Antep gezisinin 2. kısımı parkantep eğlence merkezi oldu.
O kadar gezilecek yer belirledik ki hepsi bir hafta sonuna sığamayacak kadar çok olduğundan tercihimizi buradan yana kullandık. Dışarıdan bakılınca beklentim daha fazlaydı açık söyleyeyim. İçeride daha farklı etkinlikler, eğlence alanları bekliyordum. Burası bildiğimiz luna parkın biraz daha geniş alana serpiştirilmiş ve parası girişte peşin ödenen şekli...

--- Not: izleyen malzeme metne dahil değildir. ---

(* In the multi-colored system with $n\ge2$, let $\mathbf a_0\in(0,\infty)^n$ with $\rho_0=a_0^1+\dots+a_0^n$ in the interior of the domain of $\varphi$. Then the Frame condition (FC) holds at $\mathbf a_0$ (equivalently: $\Gamma_{ij}(\mathbf a_0)=0$ for $i\ne j$ and $\tilde g_i(\mathbf a_0)\Gamma_{jj}(\mathbf a_0)=\tilde g_j(\mathbf a_0)\Gamma_{ii}(\mathbf a_0)$ for all $i\ne j$) if and only if $\varphi'(\rho_0)=\varphi(\rho_0)/\rho_0$, which in turn is equivalent to $\sigma^2(\rho_0)=\rho_0$, where $\sigma^2(\rho)$ is the variance of $\nu_\rho$.
   Context: Multi-colored zero-range system: given a single-species rate $g:\mathbb Z_+\to[0,\infty)$ with $g(k)=0\iff k=0$, define $g_i(\mathbf k)=g(|\mathbf k|)k^i/|\mathbf k|$ for $\mathbf k\in\mathbb Z_+^n$, $|\mathbf k|=\sum_ik^i$. For the single-species system, $\nu_\rho(k)=Z_{\varphi}^{-1}\varphi^k/g(k)!$ with $g(k)!=g(1)\cdots g(k)$, $Z_\varphi=\sum_k\varphi^k/g(k)!$, and $\varphi=\varphi(\rho)$ the fugacity chosen so that $\nu_\rho$ has mean $\rho$. The multi-colored invariant law of density $\mathbf a$ is $\nu_{\mathbf a}(\mathbf k)=\nu_\rho(|\mathbf k|)\frac{|\mathbf k|!}{k^1!\cdots k^n!}\prod_i(a^i/\rho)^{k^i}$, $\rho=\sum_ia^i$. $\tilde g_i(\mathbf a)=E_{\nu_{\mathbf a}}[g_i]$; $\Gamma(\mathbf a)$ is the covariance matrix of $\mathbf k$ under $\nu_{\mathbf a}$. Frame condition (FC) at $\mathbf a_0$: there is $\lambda$ with $\partial_{a^i}\tilde g_i(\mathbf a_0)=\lambda$ for all $i$ and $\partial_{a^j}\tilde g_i(\mathbf a_0)=0$ for $i\ne j$. *)

From Stdlib Require Import Reals Lra Lia Arith List ClassicalEpsilon.
Open Scope R_scope.

(** Value of a real series: the sum if it converges, an arbitrary real otherwise. *)
Definition ex_series (u : nat -> R) : Prop := exists l, infinite_sum u l.
Definition Series (u : nat -> R) : R :=
  epsilon (inhabits 0) (fun l => infinite_sum u l).

Fixpoint gfact (g : nat -> R) (k : nat) : R :=
  match k with O => 1 | S k' => gfact g k' * g (S k') end.

Definition Zterm (g : nat -> R) (phi : R) (k : nat) : R := phi ^ k / gfact g k.
Definition Z (g : nat -> R) (phi : R) : R := Series (Zterm g phi).
Definition M1 (g : nat -> R) (phi : R) : R :=
  Series (fun k => INR k * Zterm g phi k).

(** fugacities for which nu is a probability law with finite mean *)
Definition admissible (g : nat -> R) (phi : R) : Prop :=
  0 <= phi /\ ex_series (Zterm g phi) /\ ex_series (fun k => INR k * Zterm g phi k).

Definition dens (g : nat -> R) (phi : R) : R := M1 g phi / Z g phi.

(** the domain of rho |-> phi(rho) *)
Definition in_dom (g : nat -> R) (rho : R) : Prop :=
  exists phi, admissible g phi /\ dens g phi = rho.

Definition interior_dom (g : nat -> R) (rho : R) : Prop :=
  exists eps, 0 < eps /\ forall r, Rabs (r - rho) < eps -> in_dom g r.

Definition phi_of (g : nat -> R) (rho : R) : R :=
  epsilon (inhabits 0) (fun phi => admissible g phi /\ dens g phi = rho).

Definition nu (g : nat -> R) (rho : R) (m : nat) : R :=
  Zterm g (phi_of g rho) m / Z g (phi_of g rho).

Definition sigma2 (g : nat -> R) (rho : R) : R :=
  Series (fun m => INR m ^ 2 * nu g rho m) - (Series (fun m => INR m * nu g rho m)) ^ 2.

(** colours are indexed 0..n-1; a density vector is a : nat -> R (entries i<n);
    a configuration k in Z_+^n is a list of length n, k^i = nth i k 0. *)
Fixpoint lsum (l : list nat) : nat :=
  match l with nil => O | x :: t => (x + lsum t)%nat end.

Fixpoint vsum (a : nat -> R) (n : nat) : R :=
  match n with O => 0 | S n' => vsum a n' + a n' end.

(** sum of F k over all k in Z_+^n with |k| = m *)
Fixpoint comp_sum (n m : nat) (F : list nat -> R) : R :=
  match n with
  | O => if Nat.eqb m 0 then F nil else 0
  | S n' => sum_f_R0 (fun j => comp_sum n' (m - j) (fun l => F (j :: l))) m
  end.

Fixpoint wprod (p : nat -> R) (k : list nat) (off : nat) : R :=
  match k with
  | nil => 1
  | x :: t => p off ^ x / INR (fact x) * wprod p t (S off)
  end.

Definition nu_a (g : nat -> R) (n : nat) (a : nat -> R) (k : list nat) : R :=
  let rho := vsum a n in
  nu g rho (lsum k) * INR (fact (lsum k)) * wprod (fun i => a i / rho) k 0.

(** expectation under nu_a (sum over Z_+^n, grouped by |k|) *)
Definition Ea (g : nat -> R) (n : nat) (a : nat -> R) (f : list nat -> R) : R :=
  Series (fun m => comp_sum n m (fun k => f k * nu_a g n a k)).

Definition coord (k : list nat) (i : nat) : R := INR (nth i k O).

Definition g_i (g : nat -> R) (i : nat) (k : list nat) : R :=
  if Nat.eqb (lsum k) 0 then 0 else g (lsum k) * coord k i / INR (lsum k).

Definition gtilde (g : nat -> R) (n i : nat) (a : nat -> R) : R :=
  Ea g n a (g_i g i).

Definition Gamma (g : nat -> R) (n : nat) (a : nat -> R) (i j : nat) : R :=
  Ea g n a (fun k => coord k i * coord k j)
  - Ea g n a (fun k => coord k i) * Ea g n a (fun k => coord k j).

Definition upd (a : nat -> R) (j : nat) (t : R) : nat -> R :=
  fun i => if Nat.eqb i j then t else a i.

Definition has_partial (F : (nat -> R) -> R) (a : nat -> R) (j : nat) (L : R) : Prop :=
  derivable_pt_lim (fun t => F (upd a j t)) (a j) L.

Definition FC (g : nat -> R) (n : nat) (a0 : nat -> R) : Prop :=
  exists lam : R,
    (forall i, (i < n)%nat -> has_partial (gtilde g n i) a0 i lam) /\
    (forall i j, (i < n)%nat -> (j < n)%nat -> i <> j ->
       has_partial (gtilde g n i) a0 j 0).

From Pilot Require Import Defs.
From Coquelicot Require Import Coquelicot.
From Stdlib Require Import Reals Lra Lia Arith List ClassicalEpsilon.
Open Scope R_scope.
(* Let $d = 2$ and $\hat X \in U(2)$. Let $F = \int d\psi\, |\langle\psi|\hat X|\psi\rangle|^2$ and $D = \sqrt{\int d\psi\, |\langle\psi|\hat X|\psi\rangle|^4 - F^2}$. Then $$D = \frac{1-F}{\sqrt 5}.$$
   Context: $d\psi$ denotes the unitarily invariant (Haar-induced) probability measure on unit vectors of $\mathbb{C}^2$. *)

From Stdlib Require Import Reals.
From Coquelicot Require Import Coquelicot.
Open Scope R_scope.

(* A 2x2 complex matrix, entries indexed by i, j in {0,1}. *)
Definition mat2 := nat -> nat -> C.

Definition unitary2 (X : mat2) : Prop :=
  forall i j : nat, (i < 2)%nat -> (j < 2)%nat ->
    Cplus (Cmult (Cconj (X 0%nat i)) (X 0%nat j))
          (Cmult (Cconj (X 1%nat i)) (X 1%nat j))
    = (if Nat.eqb i j then RtoC 1 else RtoC 0).

Definition vec2 := nat -> C.

Definition expval (X : mat2) (psi : vec2) : C :=
  Cplus
    (Cplus (Cmult (Cconj (psi 0%nat)) (Cmult (X 0%nat 0%nat) (psi 0%nat)))
           (Cmult (Cconj (psi 0%nat)) (Cmult (X 0%nat 1%nat) (psi 1%nat))))
    (Cplus (Cmult (Cconj (psi 1%nat)) (Cmult (X 1%nat 0%nat) (psi 0%nat)))
           (Cmult (Cconj (psi 1%nat)) (Cmult (X 1%nat 1%nat) (psi 1%nat)))).

Definition cis (t : R) : C := (cos t, sin t).

(* Hopf coordinates of the unit sphere S^3 of C^2:
   psi = (cos a e^{i b}, sin a e^{i g}),  a in [0,pi/2], b,g in [0,2pi). *)
Definition hopf_psi (a b g : R) : vec2 :=
  fun i => if Nat.eqb i 0 then Cmult (RtoC (cos a)) (cis b)
           else Cmult (RtoC (sin a)) (cis g).

(* Integral against the unitarily invariant (Haar-induced) probability
   measure d psi on unit vectors of C^2, i.e. the normalized round measure
   on S^3, written in Hopf coordinates: the volume element is
   sin a cos a da db dg and the total volume is 2 pi^2. *)
Definition haar_int (f : vec2 -> R) : R :=
  / (2 * PI ^ 2) *
  RInt (fun a =>
    RInt (fun b =>
      RInt (fun g => f (hopf_psi a b g) * sin a * cos a) 0 (2 * PI))
      0 (2 * PI))
    0 (PI / 2).

(* In Hopf coordinates psi = (cos a e^{ib}, sin a e^{ig}) the expectation value is
   <psi|X|psi> = A + U e^{ig} + V e^{-ig}, where A depends on a only and U, V carry the
   phases e^{-ib}, e^{ib}.  Averaging over g is Parseval's identity for trigonometric
   polynomials of degree at most 4: the mean of |z|^2 is m = |A|^2 + |U|^2 + |V|^2 and the
   mean of |z|^4 is m^2 + 2 |conj A U + A conj V|^2 + 2 |U conj V|^2.  A unitary X has the
   form [[x, -d conj y]; [y, d conj x]] with |d| = 1, which turns both means into
   polynomials in u = sin^2 a; this substitution makes the remaining Hopf weight uniform on
   [0, 1].  Integrating gives F = (2 + t)/6 and E|<psi|X|psi>|^4 = F^2 + ((4 - t)/6)^2 / 5
   with t = |tr X|^2 <= 4, hence D = (1 - F) / sqrt 5. *)

From Stdlib Require Import Reals Lra Lia List.
Import ListNotations.
From Coquelicot Require Import Coquelicot.
Open Scope R_scope.

Lemma cos_pow2 x : cos x ^ 2 = 1 - sin x ^ 2.
Proof. rewrite <- (sin2_cos2 x). unfold Rsqr. ring. Qed.

Lemma cis_add x y : cis (x + y) = (cis x * cis y)%C.
Proof. unfold cis, Cmult; simpl. rewrite cos_plus, sin_plus. f_equal; ring. Qed.

Lemma cis_0 : cis 0 = 1%C.
Proof. unfold cis. rewrite cos_0, sin_0. reflexivity. Qed.

Lemma cis_neq0 x : cis x <> 0%C.
Proof.
  intros E. assert (H := cis_add x (- x)). rewrite Rplus_opp_r, cis_0, E, Cmult_0_l in H.
  exact (C1_nz H).
Qed.

Lemma cis_neg x : cis (- x) = (/ cis x)%C.
Proof.
  rewrite <- (Cmult_1_l (/ cis x)), <- cis_0, <- (Rplus_opp_r x), cis_add.
  field. apply cis_neq0.
Qed.

Lemma Cconj_cis x : Cconj (cis x) = cis (- x).
Proof. unfold cis, Cconj; simpl. rewrite cos_neg, sin_neg. reflexivity. Qed.

Lemma Cconj_cis_pow x n : Cconj (cis x ^ n) = (/ cis x ^ n)%C.
Proof. rewrite Cpow_conj, Cconj_cis, cis_neg, Cpow_inv; [reflexivity | apply cis_neq0]. Qed.

Lemma cis_INR_mult n x : cis (INR n * x) = (cis x ^ n)%C.
Proof.
  induction n as [|n IH]; simpl Cpow.
  - now rewrite Rmult_0_l, cis_0.
  - rewrite S_INR, Rmult_plus_distr_r, Rmult_1_l, cis_add, IH. ring.
Qed.

Lemma Cconj_RtoC (x : R) : Cconj x = x.
Proof. unfold Cconj, RtoC; simpl. now rewrite Ropp_0. Qed.

(* Real identities between moduli and real parts are checked in C, where
   Cmod z ^ 2 = z * conj z, Re z = (z + conj z) / 2 and conj (cis x) = / cis x,
   so that [field] can finish. *)
Ltac push_RtoC :=
  repeat first
    [ rewrite Cmod2_conj | rewrite re_alt | rewrite RtoC_plus | rewrite RtoC_mult
    | rewrite RtoC_minus | rewrite RtoC_opp | rewrite RtoC_pow ].

Ltac push_Cconj :=
  repeat first
    [ rewrite Cplus_conj | rewrite Cminus_conj | rewrite Cmult_conj | rewrite Copp_conj
    | rewrite Cconj_conj | rewrite Cconj_RtoC | rewrite Cconj_cis_pow
    | rewrite Cinv_conj by apply cis_neq0 | rewrite Cconj_cis | rewrite cis_neg ].
Lemma wave_profile_solves : solves_Pc eta Qg Qp Psi thetas c (wave_profile c).
Proof.
  split; [exact wave_profile_range|split; [exact wave_profile_continuous|]].
  exists (fun x => - c * (thetas c * exp (- c * x))),
    (fun x => - c * (- c * (thetas c * exp (- c * x)))),
    (wave_v c), (fun x => - eta * c * wave_v c x - P (wave_u c x)).
  split; [exact wave_profile_C2_left|split; [exact wave_profile_C2_right|]].
  split; [intros x _; ring|split].
  { intros x Hx. rewrite wave_profile_right by lra. unfold P.
    rewrite clamp01_id by (apply wave_u_range; lra). ring. }
  split.
  { apply (filterlim_ext_loc (fun x => thetas c * exp (- c * x))).
    - exists 0. intros x Hx. unfold wave_profile. destruct (Rle_dec x 0); [reflexivity|lra].
    - apply filterlim_mul_exp_m_infty. lra. }
  split.
  { unfold wave_profile. destruct (Rle_dec 0 0); [|lra].
    now rewrite Rmult_0_r, exp_0, Rmult_1_r. }
  assert (Hu0 : 0 <= wave_u c 0) by (apply wave_u_range; lra).
  split.
  { apply (filterlim_ext_loc (wave_u c)).
    - exists 0. intros x Hx. symmetry. apply wave_profile_right. lra.
    - apply (trapped_u_cvg (- eta * c) P _ (wave_v c)); auto;
        [nra|apply P_continuous|apply P_pos]. }
  split.
  { apply (filterlim_ext (fun x => (- c * thetas c) * exp (- c * x))); [intros x; ring|].
    apply filterlim_mul_exp_m_infty. lra. }
  split.
  { apply (trapped_v_cvg (- eta * c) K P (wave_u c)); auto;
      [nra|apply P_continuous|apply P_pos|apply P_le]. }
  pose proof (proj1 (proj2 (wave_solution c ltac:(lra)))) as V0.
  unfold Sfun. rewrite V0, Rmult_0_r, exp_0. fold r. ring.
Qed.

End Profile.

End WaveFamily.

Lemma abs_add_mul_lt (a b c e : R) : 0 < e -> Rabs a < e / 2 ->
  Rabs b < e / (2 * (Rabs c + 1)) -> Rabs (a + c * b) < e.
Proof.
  intros He Ha Hb. assert (Hc : 0 < Rabs c + 1) by (pose proof (Rabs_pos c); lra).
  eapply Rle_lt_trans; [apply Rabs_triang|]. rewrite Rabs_mult.
  assert (Hcb : Rabs c * Rabs b <= (Rabs c + 1) * (e / (2 * (Rabs c + 1))))
    by (apply Rmult_le_compat; try apply Rabs_pos; lra).
  replace ((Rabs c + 1) * (e / (2 * (Rabs c + 1)))) with (e / 2) in Hcb by (field; lra). lra.
Qed.

Section LeftHalf.

Variables (c : R) (theta d1 d2 : R -> R).
Hypotheses (HC2 : C2_on (fun x => x <= 0) theta d1 d2)
  (Hode : forall x, x < 0 -> d2 x + c * d1 x = 0)
  (Lth : filterlim theta (Rbar_locally m_infty) (locally 0))
  (Ld1 : filterlim d1 (Rbar_locally m_infty) (locally 0)).

Lemma left_first_integral_zero (y : R) : y < 0 -> d1 y + c * theta y = 0.
Proof.
  intros Hy. set (h x := d1 x + c * theta x).
  assert (Hc : 0 < 2 * (Rabs c + 1)) by (pose proof (Rabs_pos c); lra).
  assert (Hconst : forall x, x <= y -> h x = h y).
  { intros x Hxy. apply (const_of_derive_zero h (fun z => d2 z + c * d1 z)); [lra| |].
    - intros z Hz. destruct (HC2 z ltac:(lra)) as [D1 [D2 _]].
      assert (Loc : locally z (fun x => x <= 0)).
      { apply locally_R_iff. exists (- z). split; [lra|].
        intros w Hw. apply Rabs_def2 in Hw. lra. }
      apply (is_derive_plus d1 (fun x => c * theta x));
        [|apply (is_derive_scal (fun x => theta x))]; eapply is_derive_of_deriv_within; eauto.
    - intros z Hz. apply Hode. lra. }
  apply eq_0_of_forall_abs_lt. intros e He.
  destruct (proj1 (filterlim_m_infty_R_iff _ _) Ld1 (e / 2) ltac:(lra)) as [M1 HM1].
  destruct (proj1 (filterlim_m_infty_R_iff _ _) Lth (e / (2 * (Rabs c + 1))))
    as [M2 HM2]; [apply Rdiv_lt_0_compat; lra|].
  set (x := Rmin y (Rmin M1 M2) - 1).
  assert (x < M1 /\ x < M2 /\ x <= y)
    by (unfold x; pose proof (Rmin_l y (Rmin M1 M2)); pose proof (Rmin_r y (Rmin M1 M2));
        pose proof (Rmin_l M1 M2); pose proof (Rmin_r M1 M2); lra).
  fold (h y). rewrite <- (Hconst x) by lra. apply abs_add_mul_lt; auto.
  - rewrite <- (Rminus_0_r (d1 x)). apply HM1. lra.
  - rewrite <- (Rminus_0_r (theta x)). apply HM2. lra.
Qed.

Lemma left_slope_at_0 : d1 0 = - c * theta 0.
Proof.
  assert (d1 0 + c * theta 0 = 0); [|lra].
  apply eq_0_of_forall_abs_lt. intros e He.
  assert (Hc : 0 < 2 * (Rabs c + 1)) by (pose proof (Rabs_pos c); lra).
  destruct (HC2 0 ltac:(lra)) as [D1 [D2 _]].
  destruct (proj1 (filterlim_within_R_iff _ _ _ _) (cont_within_of_deriv_within _ _ _ _ D2)
              (e / 2) ltac:(lra)) as [r1 [Hr1 H1]].
  destruct (proj1 (filterlim_within_R_iff _ _ _ _) (cont_within_of_deriv_within _ _ _ _ D1)
              (e / (2 * (Rabs c + 1)))) as [r2 [Hr2 H2]]; [apply Rdiv_lt_0_compat; lra|].
  set (y := - Rmin r1 r2 / 2).
  assert (y < 0 /\ Rabs (y - 0) < r1 /\ Rabs (y - 0) < r2)
    by (unfold y; pose proof (Rmin_l r1 r2); pose proof (Rmin_r r1 r2);
        pose proof (Rmin_pos r1 r2 Hr1 Hr2); rewrite Rabs_left; lra).
  replace (d1 0 + c * theta 0) with ((d1 0 - d1 y) + c * (theta 0 - theta y))
    by (pose proof (left_first_integral_zero y ltac:(lra)); nra).
  apply abs_add_mul_lt; auto.
  - rewrite Rabs_minus_sym. apply H1; lra.
  - rewrite Rabs_minus_sym. apply H2; lra.
Qed.

End LeftHalf.

Lemma no_solution_at_cmax (eta Qg Qp cmax : R) (Psi thetas theta : R -> R) :
  0 < eta -> 0 < Qg -> - Qg < Qp -> cmax < 0 -> thetas cmax = 1 ->
  ~ solves_Pc eta Qg Qp Psi thetas cmax theta.
Proof.
  intros Heta HQg HQp Hcmax Hts
    [Hrange [_ [dl1 [dl2 [dr1 [dr2 [CL [CR [OL [_ [Lm [T0 [_ [Ldm [_ Hif]]]]]]]]]]]]]]].
  unfold Sfun in Hif. rewrite Hts in T0.
  assert (Hr : Qp / (Qp + Qg) < 1)
    by (apply (Rmult_lt_reg_r (Qp + Qg)); [lra|field_simplify; lra]).
  assert (Hdr : dr1 0 <= 0).
  { apply (deriv_within_nonpos_at_max theta 0); [apply CR; lra|].
    intros y _. rewrite T0. apply Hrange. }
  pose proof (left_slope_at_0 cmax theta dl1 dl2 CL OL Lm Ldm) as Hdl. rewrite T0 in Hdl.
  assert (0 < eta * ((- cmax) * (1 - Qp / (Qp + Qg))))
    by (apply Rmult_lt_0_compat; [lra|apply Rmult_lt_0_compat; lra]).
  nra.
Qed.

Açık alan üzerine kurulu olduğundan iyi ki şapkalarımız gözlükler yanımızdaydı, biraz yine de yandık ve çok sıcakladık ama neyse artık...
Çoğunlukla çocukların binebileceği şeyler vardı. Erişkinler için zaten yetersiz ve gereksiz. Belki ergenler için de pek cazip olmayabilir.
Bu ördek üstünde gezintimiz...Bizimkinde fobi oluştu, yalnız binmek istemedi hiçbirine, neyse ki anne babaların da binmesine izin veriliyordu.
Tercihi pembe veya mordan yana yine...
Baba beni yalnız bırakma bakışı
Bu zıplayan arabalara ilk olarak yalnız bindi. Burada korktuğu için diğerlerine binemedi ...
Bu fincana ben de bindim ve eşimin gazına gelip bindiğim için kendime çok kızdım. O kadar kötü baş dönmesi yapıyor ki... İnerken yürüyemem diye düşünüyordum ki neyse korktuğum gibi olmadı. En dayanıklımız da Elüş çıktı çok mutlu oldu, ben bağırdıkça o çıldırdı, kudurdu.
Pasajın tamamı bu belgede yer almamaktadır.